Christine: Es ist eine konsequente Weiterführung. Die Mauer ging ja nicht einfach auf, sondern die Grenze wurde schrittweise gelockert. An der Oberbaumbrücke standen die Menschen Schlange, um zu Fuß hinüberzugehen, weil es bei dem herrschenden Verkehrschaos damals oft schneller war, als mit dem Auto. Wir, die Künstler, die damals an der Mauer gearbeitet haben, haben die Gespräche der Menschen gehört, wir konnten die Energie und die Gefühle wahrnehmen und viele Künstler wurden dadurch in ihrer Arbeit beeinflusst. Als Heilpraktikerin sehe ich das so, dass die Mauer durch die Arbeit und die Energie, die von jedem reingesteckt wurde, gewandelt und geheilt wurde. Viele Menschen sind wegen dieser Mauer gestorben, wir haben die Mauer transformiert.

Wie sieht das Konzept für das Denkmal an die Freude aus?

Thomas: Auf der Webseite unserer Initiative ‚East Side Gallery – ein Denkmal an die Freude‘ findet man den Denkanstoß. Es hat auch einen Grund, dass es Denkanstoß und nicht Konzept heißt. Wir wünschen uns eine Initiative von unten und alle sollen mitreden können. Es soll nicht von oben etwas Schickes vorgegeben werden. Die Menschen sollen sich überlegen, was sie an diesem bedeutungsvollen Ort sehen wollen. Der Denkanstoß soll einfach Inspirationspunkte liefern, in welche Richtung das gehen könnte.

Jordi: Besonders gefällt uns die Idee, eine „Speakersʾ Corner“ einzurichten. Als Symbol der Freiheit sollte der Berliner Senat ähnlich wie London ein Gesetz verabschieden, damit jeder dort frei reden darf.

Deutschland brüstet sich ja gerne mit seiner Meinungsfreiheit und dem Demonstrationsrecht. Tatsächlich sieht man schnell, dass die Realität anders aussieht. Ich bin mal vom Staatsschutz abgeholt worden, weil ich den ganzen Tag an der East Side Gallery Flyer verteilt habe. Auch darf man in Deutschland nicht spontan ein Transparent hochhalten, das wird in einem solchen Fall von der Polizei beschlagnahmt. Darum braucht es eine Speakersʾ Corner, um zu zeigen, dass nicht alles so schick ist.

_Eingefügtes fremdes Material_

Lemma cvge1_of_dist_le (R : realType) (a : nat -> \bar R) k : (0 < k)%N ->
  (forall p, (k <= p)%N ->
     exists2 c : R, a p = c%:E & (`|1 - c| <= ((p %/ k)%:R)^-1)%R) ->
  a p @[p --> \oo] --> 1.
Proof.
move=> k_gt0 ha; apply: cvg_EFin; first by exists k => // p /= /ha[c -> _].
apply/cvgrPdist_le => eps eps_gt0.
pose T := (Num.Def.truncn eps^-1).+1.
exists (T * k)%N => // p /= Tk_p.
have T_q : (T <= p %/ k)%N by rewrite leq_divRL.
have [c -> dist_c] := ha p (leq_trans (leq_pmull _ (ltn0Sn _)) Tk_p).
apply: le_trans dist_c _.
have q_gt0 : (0 < (p %/ k)%:R :> R)%R by rewrite ltr0n (leq_trans _ T_q).
rewrite -[eps]invrK lef_pV2 ?posrE ?invr_gt0 //.
by rewrite ltW // (lt_le_trans (truncnS_gt _)) // ler_nat.
Qed.

(* [limn] of a divergent sequence is the default value 0. *)
Lemma cvge_of_limn_neq0 (R : realType) (a : nat -> \bar R) (l : \bar R) :
  limn a = l -> l != 0 -> a n @[n --> \oo] --> l.
Proof.
move=> <- l_neq0; case: (pselect (cvgn a)) => [//|/dvgP a_dvg].
by rewrite a_dvg eqxx in l_neq0.
Qed.

Section ExtremalNumber.
Variables (R : realType) (u : nat) (H : graph) (F : graph -> Prop).

Lemma exu_ge_Ncount G : Ffree F G -> ((Ncount H G)%:R)%:E <= exu R u (ku u G) H F.
Proof. by move=> GF; apply: ereal_sup_ubound; right; exists G. Qed.

Lemma exu_le p (c : R) : (0 <= c)%R ->
  (forall G, Ffree F G -> ku u G = p -> ((Ncount H G)%:R <= c)%R) -> exu R u p H F <= c%:E.
Proof.
move=> c_ge0 Nc; apply: ge_ereal_sup => _ [-> | [G [GF kG ->]]]; rewrite lee_fin //.
exact: Nc kG.
Qed.

Hypotheses (u_gt0 : (0 < u)%N) (H_gt0 : (0 < #|gV H|)%N).
Hypothesis F_connected : forall F0, F F0 -> connected_graph F0.

Lemma exu_ge_copies G m : Ffree F G ->
  ((m * Ncount H G)%N%:R)%:E <= exu R u (m * ku u G) H F.
Proof.
move=> GF; rewrite -ku_copies //.
apply: le_trans (exu_ge_Ncount (Ffree_copies _ _ GF)) => //.
by rewrite lee_fin ler_nat Ncount_copies_ge.
Qed.

Lemma Ncount_le_limit (rho : R) :
  exu R u p H F * ((p%:R)^-1)%:E @[p --> \oo] --> rho%:E ->
  forall G, Ffree F G -> (0 < ku u G)%N -> ((Ncount H G)%:R <= rho * (ku u G)%:R)%R.
Proof.
move=> exu_cvg G GF kG_gt0; set p := ku u G in kG_gt0 *.
have sub_cvg : exu R u (m * p) H F * (((m * p)%N%:R)^-1)%:E @[m --> \oo] --> rho%:E.
  exact: cvg_comp (cvg_mulnr _ kG_gt0) exu_cvg.
have N_le : \forall m \near \oo, ((Ncount H G)%:R / p%:R)%:E
                                  <= exu R u (m * p) H F * (((m * p)%N%:R)^-1)%:E.
  exists 1%N => // m /= m_gt0.
  have -> : ((Ncount H G)%:R / p%:R = (m * Ncount H G)%N%:R * ((m * p)%N%:R)^-1 :> R)%R.
    by rewrite !natrM invfM mulrACA divff ?mul1r // pnatr_eq0 -lt0n.
  by rewrite EFinM lee_wpmul2r ?lee_fin ?invr_ge0 // exu_ge_copies.
have : ((Ncount H G)%:R / p%:R)%:E <= rho%:E.
  by rewrite -(cvg_lim (@ereal_hausdorff R) sub_cvg); apply: lime_ge (cvgP _ sub_cvg) N_le.
by rewrite lee_fin ler_pdivrMr ?ltr0n.
Qed.

End ExtremalNumber.
(* For every $n\ge1$ and every optimal $n$-town $S$, $\max\{w(S),h(S)\}\le 2\sqrt{n}+5$.
   Context: An $n$-town is a set $S\subset\mathbb{Z}\times\mathbb{Z}$ of exactly $n$ distinct grid points; its cost is $c(S)=\frac12\sum_{s\in S}\sum_{t\in S}\|s-t\|_1$ (Manhattan distance), and it is optimal if its cost is minimum among all $n$-towns. For $i\in\mathbb{Z}$, the $i$-th column of $S$ is $C_i=\{(i,y)\in S\}$ and the $i$-th row is $R_i=\{(x,i)\in S\}$. The width of $S$ is $w(S)=\max_{i}|R_i|$ and the height is $h(S)=\max_{i}|C_i|$. *)

From mathcomp Require Import all_boot all_order all_algebra.
Set Implicit Arguments. Unset Strict Implicit. Unset Printing Implicit Defensive.
Import Order.TTheory GRing.Theory Num.Theory.

Definition point := (int * int)%type.

Definition is_town (n : nat) (S : seq point) : Prop := uniq S /\ size S = n.

Definition l1dist (s t : point) : int := `|s.1 - t.1|%R + `|s.2 - t.2|%R.

Definition cost (S : seq point) : rat :=
  ((\sum_(s <- S) \sum_(t <- S) l1dist s t)%R)%:~R / 2%:R.

Definition optimal_town (n : nat) (S : seq point) : Prop :=
  is_town n S /\ forall T, is_town n T -> (cost S <= cost T)%R.

Definition column (S : seq point) (i : int) : seq point := [seq p <- S | p.1 == i].
Definition row (S : seq point) (i : int) : seq point := [seq p <- S | p.2 == i].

Thomas: Wir würden auch gerne Künstler zu Happenings einladen. Hinter der East Side Gallery gibt es noch viel Platz, den man gut für temporäre Kunst nützen könnte. Graffiti und Street Art gehören zur Mauer dazu und durch das Aufstellen von Wänden könnte man auch für diese Art von Kunst einen legalen Freiraum schaffen. Nur um ein Beispiel zu nennen. Würden wir außerdem die in der näheren Umgebung vorhandenen Infrastruktur (z.B. Radialsystem) für Kongresse, Symposien, Konzerte zum Leitthema nutzen, könnte die East Side Gallery eine viel größere Strahlkraft bekommen.

Wichtig ist, dass es kein musealisches Stück bleibt, sondern ein lebendiges Denkmal an die Freude daraus wird, woran die Leute beständig arbeiten können.

Jordi: Die Gefahr, dass es anders läuft, ist allerdings groß. Wir haben jetzt bereits drei Museen im Umkreis, die sich auch East Side Museum oder ähnlich nennen. Wir müssen einfach aufpassen, dass die Strahlkraft der East Side Gallery nicht einfach kommerziell konsumiert und ausgeschlachtet wird. Dass ist die größte Angst, die ich habe.

Was braucht es, um diese Idee zu verwirklichen?

Christine: Wir wollen vor allem die Leute von außerhalb mobilisieren, beispielsweise mit einer internationalen Kampagne.

Vielen Dank für das spannende Gespräch!